CHAPTER SYNOPSIS
Humeral head hemiarthroplasty is a proven effective method of improving pain and functional deficits of the shoulder related to conditions including osteoarthritis, post-traumatic arthritis, humeral head osteonecrosis, rheumatoid arthritis and cuff tear arthropathy when conservative measures fail. The use of a prosthetic glenoid component, which is responsible for the majority of failures of total shoulder arthroplasties, is avoided. However, it remains critically important that the glenoid be adequately assessed and that nonprosthetic treatment of glenoid pathology be performed as necessary.
IMPORTANT POINTS
The most important issue to address is recognition of the appropriate indications for humeral head hemiarthroplasty. Hemiarthroplasty can be utilized when there is a normal glenoid, a concentric glenoid consisting of eburnated bone, or a nonconcentric glenoid that can be converted to a smooth concentric surface by reaming. The humeral head must also be centered in the glenoid preoperatively or at the time of surgery by means of soft tissue balancing and glenoid preparation. When glenoid reaming is not required, the labrum may be maintained circumferentially.
CLINICAL/SURGICAL PEARLS
- 1
A hemiarthroplasty is contraindicated in the presence of a pitted or eroded osteopenic glenoid or a nonconcentric glenoid not correctable by reaming.
- 2
Soft tissue balancing, including anterior and inferior capsular release and circumferential mobilization of the subscapularis tendon, is necessary for optimal results.
- 3
Erosion of the natural glenoid leading to the need for conversion to total shoulder arthroplasty is a concern that must be better defined over the long term.

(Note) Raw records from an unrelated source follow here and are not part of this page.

Lemma cat_num_setD1 E f y : f \in E -> cat_num (E :\ f) y <= cat_num E y.
Proof.
elim/card_ind: E f y => E IH f y fE.
have [/eqP/cat_num_deg0 -> //|dEf] := boolP (deg (E :\ f) y == 0).
have dE : deg E y != 0 by apply: contraNneq dEf => /(deg0_subset (subsetDl _ _)) ->.
have smaller g : g \in E -> #|E :\ g| < #|E| by rewrite (cardsD1 g E) => ->.
have [e eE ->] := cat_num_opt dE.
case: (eqVneq e f) => [->|ef].
  have [g gEf yg] := deg_gt0P _ _ dEf.
  apply: leq_trans (cat_num_le_del y gEf) _; rewrite leq_add2l.
  by apply: cat_reply_mono (subsetDl _ _) _ => z; apply: IH (smaller f fE) _ _ gEf.
have eEf : e \in E :\ f by rewrite !inE ef.
apply: leq_trans (cat_num_le_del y eEf) _; rewrite leq_add2l.
rewrite setD1C; apply: cat_reply_mono (subsetDl _ _) _ => z.
by apply: IH (smaller e eE) _ _ _; rewrite !inE eq_sym ef.
Qed.

Lemma cat_num_le_reply E c : deg E c != 0 -> cat_num E c <= 1 + cat_reply E c.
Proof.
case/deg_gt0P=> e eE _; apply: leq_trans (cat_num_le_del c eE) _.
by rewrite leq_add2l; apply: cat_reply_mono (subsetDl _ _) _ => z; apply: cat_num_setD1.
Qed.

End CatGame.

Section PendantEdge.
Variables (T : finType) (u x : T).
Hypothesis ux : u != x.
Implicit Types (E H K : {set {set T}}) (e : {set T}) (w y z : T).

Lemma deg_pendant_end E : deg E x = 0 -> deg (E :|: [set [set u; x]]) x <= 1.
Proof. by move=> x0; apply: leq_trans (deg_setU1 _ _ _) _; rewrite x0 set22. Qed.

Lemma cat_num_add_pendant_far H y : deg H x = 0 -> ~~ connect (adj H) y u -> y != x ->
  cat_num (H :|: [set [set u; x]]) y <= cat_num H y.
Proof.
elim/card_ind: H y => H IH y x0 yu yx.
have yux : y \notin [set u; x].
  by rewrite !inE negb_or yx andbT; apply: contraNneq yu => ->; apply: connect0.
have [d0|dH] := boolP (deg H y == 0).
  by rewrite cat_num_deg0 // deg_setU1_notin //; apply/eqP.
have [e eH ->] := cat_num_opt dH.
have eux : e != [set u; x] by apply: contraNneq (deg0_notin x0 eH) => ->; apply: set22.
have x0' : deg (H :\ e) x = 0 by apply: deg0_subset (subsetDl _ _) x0.
apply: leq_trans (cat_num_le_del y (_ : e \in _)) _; first by rewrite inE eH.
rewrite leq_add2l setU1D1 //; apply: cat_reply_le => z yz zy.
have := connect_add_pendant ux x0' yx yz.
case: eqVneq => [_ /(connect_subset (subsetDl _ _)) yu'|zx yz']; first by rewrite yu' in yu.
apply: leq_trans (leq_cat_reply yz' zy); apply: IH => //.
  by rewrite (cardsD1 e H) eH.
apply: contra yu => zu; apply: connect_subset (subsetDl H [set e]) _.
exact: connect_trans yz' zu.
Qed.

Lemma cat_num_swap_pendant K w y : [set u; w] \in K -> u != w -> deg K x = 0 -> y != x ->
  cat_num ((K :\ [set u; w]) :|: [set [set u; x]]) y <= cat_num K y.
Proof.
elim/card_ind: K y => K IH y uwK uw x0 yx.
set R := _ :|: _.
have uxK : [set u; x] \notin K by apply/negP=> /(deg0_notin x0); rewrite set22.
have [d0|dR] := boolP (deg R y == 0); first by rewrite cat_num_deg0 //; apply/eqP.
have dK : deg K y != 0.
  case/deg_gt0P: dR => f; rewrite !inE => /orP[/andP[_ fK] yf|/eqP->].
    by apply/deg_gt0P; exists f.
  case/set2P=> [->|yx']; last by rewrite yx' eqxx in yx.
  by apply/deg_gt0P; exists [set u; w]; rewrite ?set21.
have [e eK ->] := cat_num_opt dK.
case: (eqVneq e [set u; w]) => [->|euw].
  apply: leq_trans (cat_num_le_del y (_ : [set u; x] \in R)) _; first by rewrite !inE eqxx orbT.
  by rewrite /R setUC setU1K // !inE negb_and uxK orbT.
have eux : e != [set u; x] by apply: contraNneq uxK => <-.
apply: leq_trans (cat_num_le_del y (_ : e \in R)) _; first by rewrite !inE euw eK.
rewrite leq_add2l /R setU1D1 // setD1C.
have uwKe : [set u; w] \in K :\ e by rewrite !inE eq_sym euw.
have x0' : deg (K :\ e :\ [set u; w]) x = 0 by rewrite setDDl; apply: deg0_subset (subsetDl _ _) x0.
apply: cat_reply_le => z yz zy.
have := connect_add_pendant ux x0' yx yz.
case: eqVneq => [-> yu|zx /(connect_subset (subsetDl _ _)) yz'].
  apply: leq_trans (cat_num_deg_le1 (deg_pendant_end x0')) _.
  exact: cat_reply_gt0 uwKe uw (connect_subset (subsetDl _ _) yu).
apply: leq_trans (leq_cat_reply yz' zy); apply: IH => //.
  by rewrite (cardsD1 e K) eK.
exact: deg0_subset (subsetDl _ _) x0.
Qed.

End PendantEdge.

Section LeafTwin.
Variables (T : finType) (u v x : T).
Hypotheses (uv : u != v) (ux : u != x) (vx : v != x).
Implicit Types (D K : {set {set T}}) (c y : T).

(* The condition at [u] cannot be dropped: on the single edge uv the cat at u
   scores 1, on the path v u x it scores 2. *)
Definition leaf_twin_harmless D := forall c,
  simple_graph D -> [set u; v] \in D -> deg D v <= 1 -> deg D x = 0 -> c != x ->
  (c = u -> 1 < deg D u) ->
  cat_num (D :|: [set [set u; x]]) c <= cat_num D c.

Lemma x_notin_uv : x \notin [set u; v].
Proof. by rewrite !inE negb_or !(eq_sym x) ux vx. Qed.

Lemma v_notin_ux : v \notin [set u; x].
Proof. by rewrite !inE negb_or eq_sym uv. Qed.

Lemma cat_num_add_leaves_far K c : deg K v = 0 -> deg K x = 0 ->
  c != v -> c != x -> ~~ connect (adj K) c u -> deg K c != 0 ->
  cat_num (K :|: [set [set u; v]] :|: [set [set u; x]]) c <= 1 + cat_reply K c.
Proof.
move=> v0 x0 cv cx ncu dc.
have ncu' : ~~ connect (adj (K :|: [set [set u; v]])) c u.
  by apply: contra ncu => /(connect_add_pendant uv v0 cv); rewrite (negPf uv).
have x0' : deg (K :|: [set [set u; v]]) x = 0 by rewrite deg_setU1_notin ?x_notin_uv.
apply: leq_trans (cat_num_add_pendant_far ux x0' ncu' cx) _.
apply: leq_trans (cat_num_add_pendant_far uv v0 ncu cv) _.
exact: cat_num_le_reply.
Qed.

Lemma cat_num_add_leaves_near K c :
  (forall D, #|D| <= #|K| -> leaf_twin_harmless D) ->
  simple_graph K -> deg K v = 0 -> deg K x = 0 ->
  c != v -> c != x -> connect (adj K) c u -> deg K c != 0 ->
  cat_num (K :|: [set [set u; v]] :|: [set [set u; x]]) c <= 1 + cat_reply K c.
Proof.
move=> IH sK v0 x0 cv cx cu dc.
have du : deg K u != 0.
  case: (eqVneq c u) => [<- //|c_u]; apply: contra c_u => /eqP u0.
  by rewrite (connect_deg0 u0 (etrans (connect_adjC _ _ _) cu)).
have [w wu uwK] := simple_neighbour sK du; rewrite /adj in uwK.
have uw : u != w by rewrite eq_sym.
have uwv : [set u; w] != [set u; v] by apply: contraNneq (deg0_notin v0 uwK) => ->; apply: set22.
have uwx : [set u; w] != [set u; x] by apply: contraNneq (deg0_notin x0 uwK) => ->; apply: set22.
set D' := K :\ [set u; w] :|: [set [set u; v]].
have v0' : deg (K :\ [set u; w]) v = 0 by apply: deg0_subset (subsetDl _ _) v0.
have v1 : deg D' v <= 1 := deg_pendant_end u v0'.
have x0' : deg D' x = 0.
  by rewrite deg_setU1_notin ?x_notin_uv //; apply: deg0_subset (subsetDl _ _) x0.
apply: leq_trans (cat_num_le_del c (_ : [set u; w] \in _)) _; first by rewrite !inE uwK.
rewrite leq_add2l !setU1D1 //; apply: cat_reply_le => c' cc' c'c.
have reply_pos : 0 < cat_reply K c := cat_reply_gt0 uwK uw cu.
case: (eqVneq c' x) => [->|c'x].
  exact: leq_trans (cat_num_deg_le1 (deg_pendant_end u x0')) reply_pos.
case: (eqVneq c' v) => [->|c'v].
  by apply: leq_trans (cat_num_deg_le1 _) reply_pos; rewrite deg_setU1_notin ?v_notin_ux.
have cc1 := connect_add_pendant ux x0' cx cc'; rewrite (negPf c'x) in cc1.
have cc2 := connect_add_pendant uv v0' cv cc1; rewrite (negPf c'v) in cc2.
apply: leq_trans (leq_cat_reply (connect_subset (subsetDl _ _) cc2) c'c).
apply: leq_trans (cat_num_swap_pendant uv uwK uw v0 c'v).
apply: IH => //.
- apply: leq_trans (leq_card_setU _ _) _.
  by rewrite cards1 [#|K|](cardsD1 [set u; w]) uwK addnC.
- by apply: simple_graph_setU1 uv; apply: simple_graph_subset sK; apply: subsetDl.
- by rewrite !inE eqxx orbT.
- move=> c'u; rewrite c'u in cc1 c'c.
  by apply: deg_gt1_connect cc1 _ cv; rewrite ?v1 1?eq_sym // !inE eqxx orbT.
Qed.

CLINICAL/SURGICAL PITFALLS
- 1
If inadequate glenoid anatomy exists, conversion to a total shoulder should be considered.
- 2
An osteotomy of the humeral head that is too lateral or in excessive retroversion will compromise the rotator cuff insertion. The plane of the osteotomy should exit superiorly just medial to the greater tuberosity, and version must be controlled to avoid removing the posterior cuff attachments. Enhanced exposure can help to avoid this mistake.
HISTORY
In 1953, Neer described the first use of a metallic hemiarthroplasty for the treatment of proximal humeral fractures. Given the success of this implant for trauma, the use of this prosthesis was extended to other diagnoses, including humeral head osteonecrosis, rheumatoid arthritis, and osteoarthritis. Although significant success was encountered with this procedure, poorer outcomes were encountered in the presence of incongruent and eroded glenoids. Neer later presented the results of his first design of a polyethylene glenoid prosthesis as part of a total shoulder arthroplasty. A number of other implant designs were introduced with and without glenoid replacement. Many difficulties were encountered in achieving glenoid fixation, particularly with fully constrained ball-and-socket implants and partially constrained implants with hooded glenoid components. Bipolar implants and silicone and acrylic implants have also been described. The most reliable results have been produced in series utilizing humeral head hemiarthroplasty or unconstrained total shoulder arthroplasty implants.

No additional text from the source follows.